**How to complete this task:** Retype, word for word, each line between the lines holding "identified with the K-span of N in V. *)" and "fun x => exists2 d, I d & x = inK d.", inclusive, and leave the rest of the data alone.

**Data:**

(* Let $D$ be an integral domain, $S$ a multiplicative subset of $D$, and $M$ a torsion-free $D$-module which is a $w$-module. Then: (1) If $M$ is an $S$-SM-module, then $M$ is a $w$-locally $S$-Noetherian module. (2) If $M$ is a $w$-locally $S$-Noetherian module which has finite $w$-character, then $M$ is an $S$-SM-module.
   Context: Let $K$ be the quotient field of $D$; $I_v=(I^{-1})^{-1}$ with $I^{-1}=\{a\in K\mid aI\subseteq D\}$; $\mathrm{GV}(D)$ is the set of finitely generated ideals $J$ with $J_v=D$. For a torsion-free module $N$, $N_w=\{x\in N\otimes K\mid xJ\subseteq N\text{ for some }J\in\mathrm{GV}(D)\}$; $N$ is a $w$-module if $N_w=N$; maximal $w$-ideals are proper ideals $I$ with $I_w=I$ maximal among such. A submodule $N$ of $M$ is $S$-$w$-finite if there exist $s\in S$ and a finitely generated submodule $F$ of $M$ with $Ns\subseteq F_w\subseteq N_w$; $M$ is an $S$-SM-module if every $w$-submodule ($L_w=L$) is $S$-$w$-finite. A submodule is $S$-finite if $Ls\subseteq F\subseteq L$ for some $s\in S$ and finitely generated $F$; a module is $S$-Noetherian if every submodule is $S$-finite. $M$ is $w$-locally $S$-Noetherian if for every maximal $w$-ideal $\mathfrak{m}$ of $D$, $M_{\mathfrak{m}}$ is an $S$-Noetherian $D_{\mathfrak{m}}$-module. With $(aD:M)=\{d\in D\mid Md\subseteq aD\}$, $M$ has finite $w$-character if for each nonzero $a\in M$ with $(aD:M)\neq D$, $(aD:M)$ is contained in only finitely many maximal $w$-ideals of $D$. *)

From HB Require Import structures.
From mathcomp Require Import all_boot all_order all_algebra fraction.
Set Implicit Arguments. Unset Strict Implicit. Unset Printing Implicit Defensive.
Import GRing.Theory.
Local Open Scope ring_scope.

(* A torsion-free D-module M is represented (as usual) inside the K-vector
   space V, i.e. as a D-submodule M of V; for a submodule N of M, N (x) K is
   identified with the K-span of N in V. *)

Section WTheory.
Variable D : idomainType.
Local Notation K := {fraction D}.

Definition inK (d : D) : K := @FracField.tofrac D d.

Definition inD (x : K) : Prop := exists d : D, x = inK d.

Definition is_ideal (I : D -> Prop) : Prop :=
  [/\ I 0, (forall x y, I x -> I y -> I (x + y)) &
      (forall r x, I x -> I (r * x))].

Definition fg_ideal (I : D -> Prop) : Prop :=
  exists g : seq D, forall x,
    I x <-> exists r : seq D, x = \sum_(i < size g) r`_i * g`_i.

Definition invK (A : K -> Prop) : K -> Prop :=
  fun a => forall x, A x -> inD (a * x).

Definition imgK (I : D -> Prop) : K -> Prop :=
  fun x => exists2 d, I d & x = inK d.

Definition vcl (I : D -> Prop) : K -> Prop := invK (invK (imgK I)).

Definition GV (J : D -> Prop) : Prop :=
  fg_ideal J /\ (forall x, vcl J x <-> inD x).

Section Modules.
Variable V : lmodType K.

Definition submod (N : V -> Prop) : Prop :=
  [/\ N 0, (forall x y, N x -> N y -> N (x + y)) &
      (forall (d : D) x, N x -> N (inK d *: x))].

(* K-span of N, i.e. (the image of) N (x) K *)
Definition Kspan (N : V -> Prop) : V -> Prop :=
  fun x => exists (g : seq V) (c : seq K),
    (forall i, (i < size g)%N -> N g`_i) /\
    x = \sum_(i < size g) c`_i *: g`_i.

Definition wcl (N : V -> Prop) : V -> Prop :=
  fun x => Kspan N x /\
    exists J, GV J /\ forall j, J j -> N (inK j *: x).

Definition is_wmod (N : V -> Prop) : Prop := forall x, wcl N x <-> N x.

Definition Dspan (g : seq V) : V -> Prop :=
  fun x => exists r : seq D, x = \sum_(i < size g) inK r`_i *: g`_i.

Definition subset (A B : V -> Prop) := forall x, A x -> B x.

Definition S_w_finite (S : D -> Prop) (M N : V -> Prop) : Prop :=
  exists s, S s /\ exists g : seq V,
    (forall i, (i < size g)%N -> M g`_i) /\
    (forall n, N n -> wcl (Dspan g) (inK s *: n)) /\
    subset (wcl (Dspan g)) (wcl N).

Definition S_SM (S : D -> Prop) (M : V -> Prop) : Prop :=
  forall L, submod L -> subset L M -> is_wmod L -> S_w_finite S M L.
End Modules.

(* ideals of D viewed inside K (the regular K-module K^o) *)
Definition w_ideal (P : D -> Prop) : Prop :=
  is_ideal P /\ forall x : K^o, @wcl K^o (imgK P) x <-> imgK P x.

Definition max_w_ideal (P : D -> Prop) : Prop :=
  [/\ w_ideal P, ~ (forall d, P d) &
      forall Q, w_ideal Q -> ~ (forall d, Q d) ->
        (forall d, P d -> Q d) -> forall d, Q d -> P d].

Section Local.
Variable V : lmodType K.

Definition Dloc (P : D -> Prop) : K -> Prop :=
  fun x => exists a b, ~ P b /\ x = inK a / inK b.

Definition Mloc (P : D -> Prop) (M : V -> Prop) : V -> Prop :=
  fun v => exists x b, [/\ M x, ~ P b & v = (inK b)^-1 *: x].

Definition submod_loc (P : D -> Prop) (L : V -> Prop) : Prop :=
  [/\ L 0, (forall x y, L x -> L y -> L (x + y)) &
      (forall r x, Dloc P r -> L x -> L (r *: x))].

Definition Dlocspan (P : D -> Prop) (g : seq V) : V -> Prop :=
  fun x => exists r : seq K, (forall i, (i < size g)%N -> Dloc P r`_i) /\
    x = \sum_(i < size g) r`_i *: g`_i.

Definition S_noeth_loc (S : D -> Prop) (P : D -> Prop) (M : V -> Prop) : Prop :=
  forall L, submod_loc P L -> subset L (Mloc P M) ->
    exists s, S s /\ exists g : seq V,
      (forall n, L n -> Dlocspan P g (inK s *: n)) /\
      subset (Dlocspan P g) L.

Definition w_loc_S_noeth (S : D -> Prop) (M : V -> Prop) : Prop :=
  forall P, max_w_ideal P -> S_noeth_loc S P M.

Definition colon (a : V) (M : V -> Prop) : D -> Prop :=
  fun d => forall x, M x -> exists e : D, inK d *: x = inK e *: a.

Definition fin_w_char (M : V -> Prop) : Prop :=
  forall a, M a -> a <> 0 -> ~ (forall d, colon a M d) ->
    exists (n : nat) (f : 'I_n -> D -> Prop),
      forall P, max_w_ideal P -> (forall d, colon a M d -> P d) ->
        exists i, forall d, P d <-> f i d.
End Local.

Definition mult_subset (S : D -> Prop) : Prop :=
  S 1 /\ forall x y, S x -> S y -> S (x * y).
End WTheory.

(* (1) For a maximal w-ideal P and a D_P-submodule L of M_P, the contraction
   N = L ∩ M is a w-submodule of M: a GV-ideal always meets D \ P, so taking
   the w-closure never leaves L.  Hence N is S-w-finite, and localizing at P
   turns this into the S-finiteness of L.
   (2) Let L be a w-submodule of M and a a nonzero element of L.  Only finitely
   many maximal w-ideals P_1, ..., P_n contain (aD : M); localizing at P_i gives
   s_i in S and a finite F_i ⊆ L with s_i L ⊆ (D F_i)_{P_i}, while at any other
   maximal w-ideal P some d in (aD : M) \ P gives d L ⊆ D a.  So for
   s = s_1 ... s_n and F = a, F_1, ..., F_n we get s L ⊆ (D F)_P for every
   maximal w-ideal P, and the local-global principle N_w = ⋂_P N_P yields
   s L ⊆ (D F)_w.  That principle comes from Zorn's lemma: an ideal I with
   I_w ≠ D lies in a maximal w-ideal. *)

From HB Require Import structures.
From mathcomp Require Import all_boot all_order all_algebra fraction.
From mathcomp Require Import boolp classical_sets.
Set Implicit Arguments. Unset Strict Implicit. Unset Printing Implicit Defensive.
Import GRing.Theory.
Local Open Scope ring_scope.
Local Open Scope classical_set_scope.

Lemma scaler_regular (R : pzRingType) (a x : R^o) : a *: x = a * x.
Proof. by []. Qed.

Section CoefficientSpan.
Variables (R : pzRingType) (W : lmodType R) (C : R -> Prop).

(* Modules over the scalars in C: [submod], [submod_loc] and [is_ideal] are
   the cases C = D, C = D_P, and C = D acting on D^o. *)
Definition csubmod (N : W -> Prop) : Prop :=
  [/\ N 0, (forall x y, N x -> N y -> N (x + y)) &
      (forall a x, C a -> N x -> N (a *: x))].

Definition cspan (g : seq W) : W -> Prop :=
  fun x => exists r : seq R, (forall i, (i < size g)%N -> C r`_i) /\
    x = \sum_(i < size g) r`_i *: g`_i.

Lemma csubmod_sum (N : W -> Prop) (g : seq W) (r : seq R) : csubmod N ->
  (forall i, (i < size g)%N -> N g`_i) -> (forall i, (i < size g)%N -> C r`_i) ->
  N (\sum_(i < size g) r`_i *: g`_i).
Proof.
move=> [N0 ND NZ] Ng Cr; apply: big_ind => // i _.
by apply: NZ; [apply: Cr | apply: Ng].
Qed.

**Solved problem:**
   identified with the K-span of N in V. *)

Section WTheory.
Variable D : idomainType.
Local Notation K := {fraction D}.

Definition inK (d : D) : K := @FracField.tofrac D d.

Definition inD (x : K) : Prop := exists d : D, x = inK d.

Definition is_ideal (I : D -> Prop) : Prop :=
  [/\ I 0, (forall x y, I x -> I y -> I (x + y)) &
      (forall r x, I x -> I (r * x))].

Definition fg_ideal (I : D -> Prop) : Prop :=
  exists g : seq D, forall x,
    I x <-> exists r : seq D, x = \sum_(i < size g) r`_i * g`_i.

Definition invK (A : K -> Prop) : K -> Prop :=
  fun a => forall x, A x -> inD (a * x).

Definition imgK (I : D -> Prop) : K -> Prop :=
  fun x => exists2 d, I d & x = inK d.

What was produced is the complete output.